>>>

(* Restrict attention to the plane x2 = -1/2 and write
   pt c s = (c, -1/2, s).  There NT is the region above the upper envelope
   of the lines  L_k : s = line k c = (3^k - 2^k c) / 5^k,  and for every k
   infinitely many points c_{k,n} (accumulating, strictly decreasing in n)
   have their envelope point on L_k.  Suppose NT is described by finitely
   many clauses.  A clause holding at such a boundary point cannot hold on a
   whole vertical neighbourhood (points just below are outside NT), so it
   contains an equation f = 0 with f vanishing at the point but not on the
   vertical line through it.  Pigeonhole over n plus "a univariate
   polynomial with infinitely many roots is zero" shows that, for every k,
   some f vanishes on all of L_k; pigeonhole over k gives one f vanishing on
   infinitely many L_k.  The vertical line through a fixed c0 meets the L_k
   in infinitely many distinct points, so f vanishes on that vertical line,
   which was excluded. *)

Fixpoint evalL (l : list R) (x : R) : R :=
  match l with nil => 0 | a :: l' => a + x * evalL l' x end.

Fixpoint addL (l m : list R) : list R :=
  match l, m with
  | nil, _ => m
  | _, nil => l
  | a :: l', b :: m' => (a + b) :: addL l' m'
  end.

Lemma evalL_add l m x : evalL (addL l m) x = evalL l x + evalL m x.
Proof.
  revert m; induction l as [|a l IH]; intros [|b m]; simpl; try ring.
  rewrite IH. ring.
Qed.

Definition scalL (a : R) (l : list R) : list R := map (fun b => a * b) l.

Lemma evalL_scal a l x : evalL (scalL a l) x = a * evalL l x.
Proof. induction l as [|b l IH]; simpl; [|rewrite IH]; ring. Qed.

Fixpoint mulL (l m : list R) : list R :=
  match l with nil => nil | a :: l' => addL (scalL a m) (0 :: mulL l' m) end.

Lemma evalL_mul l m x : evalL (mulL l m) x = evalL l x * evalL m x.
Proof.
  induction l as [|a l IH]; simpl; [ring|].
  rewrite evalL_add, evalL_scal; simpl; rewrite IH; ring.
Qed.

Definition PolyF (g : R -> R) : Prop := exists l, forall x, g x = evalL l x.

Lemma PolyF_const c : PolyF (fun _ => c).
Proof. exists (c :: nil); intro; simpl; ring. Qed.

Lemma PolyF_id : PolyF (fun x => x).
Proof. exists (0 :: 1 :: nil); intro; simpl; ring. Qed.

Lemma PolyF_add g h : PolyF g -> PolyF h -> PolyF (fun x => g x + h x).
Proof.
  intros [l Hl] [m Hm]; exists (addL l m); intro x.
  rewrite evalL_add, Hl, Hm; reflexivity.
Qed.

Lemma PolyF_mul g h : PolyF g -> PolyF h -> PolyF (fun x => g x * h x).
Proof.
  intros [l Hl] [m Hm]; exists (mulL l m); intro x.
  rewrite evalL_mul, Hl, Hm; reflexivity.
Qed.

Lemma evalL_continuous l : continuity (evalL l).
Proof.
  induction l as [|a l IH]; simpl.
  - apply continuity_const; intros u v; reflexivity.
  - change (continuity (fct_cte a + id * evalL l)%F).
    apply continuity_plus; [apply continuity_const; intros u v; reflexivity|].
    apply continuity_mult; [apply derivable_continuous, derivable_id | exact IH].
Qed.

Lemma PolyF_neg_nbhd g x : PolyF g -> g x < 0 ->
  exists d, d > 0 /\ forall y, Rabs (y - x) < d -> g y < 0.
Proof.
  intros [l Hl] Hgx. rewrite Hl in Hgx.
  destruct (evalL_continuous l x (- evalL l x)) as [d [Hd Hnear]]; [lra|].
  exists d; split; [exact Hd|]. intros y Hy. rewrite Hl.
  destruct (Req_dec x y) as [<-|Hne]; [exact Hgx|].
  assert (Hdist := Hnear y (conj (conj I Hne) Hy)).
  simpl in Hdist; unfold Rdist in Hdist. apply Rabs_def2 in Hdist. lra.
Qed.

Lemma factor_theorem l r : exists q, (length q <= pred (length l))%nat /\
  forall x, evalL l x - evalL l r = (x - r) * evalL q x.
Proof.
  induction l as [|a [|b l'] IH].
  - exists nil; simpl; split; [lia | intros; ring].
  - exists nil; simpl; split; [lia | intros; ring].
  - destruct IH as [q [Hlen Hq]].
    exists (evalL (b :: l') r :: q); split; [simpl in *; lia|].
    intro x. assert (Hx := Hq x). simpl in Hx |- *.
    replace (x * (b + x * evalL l' x)) with
      (x * ((b + x * evalL l' x) - (b + r * evalL l' r)) + x * (b + r * evalL l' r))
      by ring.
    rewrite Hx; ring.
Qed.

Lemma evalL_zero_of_many_roots l :
  (forall rs : list R, exists x, ~ In x rs /\ evalL l x = 0) ->
  forall x, evalL l x = 0.
Proof.
  remember (length l) as n eqn:Hn. assert (Hlen : (length l <= n)%nat) by lia.
  clear Hn. revert l Hlen.
  induction n as [|n IH]; intros l Hlen Hroots x.
  - destruct l; simpl in *; [reflexivity | lia].
  - destruct (Hroots nil) as [r [_ Hr]].
    destruct (factor_theorem l r) as [q [Hq Hfac]].
    assert (Hq0 : forall y, evalL q y = 0).
    { apply IH; [destruct l; simpl in *; lia|].
      intros rs. destruct (Hroots (r :: rs)) as [y [Hy Hy0]].
      exists y; split; [intro; apply Hy; right; assumption|].
      assert (y <> r) by (intro; apply Hy; left; auto).
      specialize (Hfac y). rewrite Hy0, Hr in Hfac.
      destruct (Rmult_integral (y - r) (evalL q y)); lra. }
    specialize (Hfac x). rewrite Hq0, Hr in Hfac. lra.
Qed.

Definition infinitely_often (P : nat -> Prop) : Prop :=
  forall N, exists n, (N <= n)%nat /\ P n.

Definition eventually_decreasing (v : nat -> R) : Prop :=
  exists K, forall k, (K <= k)%nat -> v (S k) < v k.

Lemma eventually_decreasing_strict v K :
  (forall k, (K <= k)%nat -> v (S k) < v k) ->
  forall n m, (K <= n)%nat -> (n < m)%nat -> v m < v n.
Proof.
  intros Hstep n m Hn Hm. induction m as [|m IH]; [lia|].
  destruct (Nat.eq_dec n m) as [->|Hne]; [apply Hstep; assumption|].
  assert (v m < v n) by (apply IH; lia).
  assert (v (S m) < v m) by (apply Hstep; lia). lra.
Qed.

Lemma eventually_decreasing_avoids v : eventually_decreasing v ->
  forall l, exists N, forall n, (N <= n)%nat -> ~ In (v n) l.
Proof.
  intros [K HK] l. pose proof (eventually_decreasing_strict v K HK) as Hstrict.
  induction l as [|a l [N HN]]; [exists 0%nat; intros n _ []|].
  destruct (classic (exists n0, (K <= n0)%nat /\ v n0 = a)) as [[n0 [Hn0 Ha]]|Hnot].
  - exists (Nat.max N (S n0)). intros n Hn [Heq|Hin].
    + assert (v n < v n0) by (apply Hstrict; lia). lra.
    + apply (HN n); [lia | assumption].
  - exists (Nat.max N K). intros n Hn [Heq|Hin].
    + apply Hnot; exists n; split; [lia | symmetry; exact Heq].
    + apply (HN n); [lia | assumption].
Qed.

Lemma PolyF_zero_along h v : PolyF h -> eventually_decreasing v ->
  infinitely_often (fun n => h (v n) = 0) -> forall x, h x = 0.
Proof.
  intros [l Hl] Hdec Hinf x. rewrite Hl.
  apply evalL_zero_of_many_roots. intros rs.
  destruct (eventually_decreasing_avoids v Hdec rs) as [N HN].
  destruct (Hinf N) as [n [Hn Hzero]].
  exists (v n); split; [apply HN; assumption | rewrite <- Hl; assumption].
Qed.

Lemma pigeonhole {A} (l : list A) (Q : A -> nat -> Prop) :
  infinitely_often (fun n => exists a, In a l /\ Q a n) ->
  exists a, In a l /\ infinitely_often (Q a).
Proof.
  induction l as [|a l IH]; intros Hinf.
  - destruct (Hinf 0%nat) as [n [_ [b [[] _]]]].
  - destruct (classic (infinitely_often (Q a))) as [Ha|Ha];
      [exists a; split; [left; reflexivity | exact Ha]|].
    apply not_all_ex_not in Ha. destruct Ha as [N0 HN0].
    destruct IH as [b [Hb HQ]]; [|exists b; split; [right|]; assumption].
    intros N. destruct (Hinf (Nat.max N N0)) as [n [Hn [b [[<-|Hb] HQ]]]].
    + exfalso; apply HN0; exists n; split; [lia | assumption].
    + exists n; split; [lia|]; exists b; split; assumption.
Qed.

Lemma pigeonhole_always {A} (l : list A) (Q : A -> nat -> Prop) :
  (forall n, exists a, In a l /\ Q a n) -> exists a, In a l /\ infinitely_often (Q a).
Proof.
  intros Hall. apply pigeonhole. intros N. exists N; split; [lia | apply Hall].
Qed.

Definition poly_curve (gamma : R -> R * R * R) : Prop :=
  PolyF (fun t => fst (fst (gamma t))) /\ PolyF (fun t => snd (fst (gamma t))) /\
  PolyF (fun t => snd (gamma t)).

Lemma peval_poly_curve f gamma : poly_curve gamma -> PolyF (fun t => peval f (gamma t)).
Proof.
  intros [H1 [H2 H3]]. induction f; simpl;
    auto using PolyF_const, PolyF_add, PolyF_mul.
Qed.

Lemma clause_rigid_or_open gamma t0 (C : list (poly3 * sign_rel)) :
  poly_curve gamma -> Forall (fun a => atom_holds a (gamma t0)) C ->
  (exists p, In (p, REq) C /\ peval p (gamma t0) = 0 /\ exists t, peval p (gamma t) <> 0) \/
  (exists d, d > 0 /\ forall t, Rabs (t - t0) < d -> Forall (fun a => atom_holds a (gamma t)) C).
Proof.
  intros Hcurve. induction C as [|[p r] C IH]; intros Hholds.
  - right; exists 1; split; [lra | constructor].
  - inversion Hholds as [|a' C' Hatom HC]; subst.
    destruct (IH HC) as [[q [Hq Hrest]]|[d [Hd Hnear]]];
      [left; exists q; split; [right|]; assumption|].
    unfold atom_holds in Hatom; simpl in Hatom. destruct r.
    + destruct (PolyF_neg_nbhd (fun t => peval p (gamma t)) t0
                  (peval_poly_curve p gamma Hcurve) Hatom) as [d' [Hd' Hneg]].
      right; exists (Rmin d d'); split; [apply Rmin_glb_lt; lra|].
      intros t Ht. pose proof (Rmin_l d d'); pose proof (Rmin_r d d').
      constructor; [apply Hneg | apply Hnear]; lra.
    + destruct (classic (forall t, peval p (gamma t) = 0)) as [Hall|Hsome].
      * right; exists d; split; [exact Hd|]. intros t Ht.
        constructor; [apply Hall | apply Hnear; exact Ht].
      * left; exists p; split; [left; reflexivity|]. split; [exact Hatom|].
        apply not_all_ex_not; exact Hsome.
Qed.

<<<

The response should be the listing above, limited to the lines between the one holding "polynomial with infinitely" and the one holding "Proof. induction l", inclusive, reproduced exactly.

   polynomial with infinitely many roots is zero" shows that, for every k,
   some f vanishes on all of L_k; pigeonhole over k gives one f vanishing on
   infinitely many L_k.  The vertical line through a fixed c0 meets the L_k
   in infinitely many distinct points, so f vanishes on that vertical line,
   which was excluded. *)

Fixpoint evalL (l : list R) (x : R) : R :=
  match l with nil => 0 | a :: l' => a + x * evalL l' x end.

Fixpoint addL (l m : list R) : list R :=
  match l, m with
  | nil, _ => m
  | _, nil => l
  | a :: l', b :: m' => (a + b) :: addL l' m'
  end.

Lemma evalL_add l m x : evalL (addL l m) x = evalL l x + evalL m x.
Proof.
  revert m; induction l as [|a l IH]; intros [|b m]; simpl; try ring.
  rewrite IH. ring.
Qed.

Definition scalL (a : R) (l : list R) : list R := map (fun b => a * b) l.

Lemma evalL_scal a l x : evalL (scalL a l) x = a * evalL l x.
Proof. induction l as [|b l IH]; simpl; [|rewrite IH]; ring. Qed.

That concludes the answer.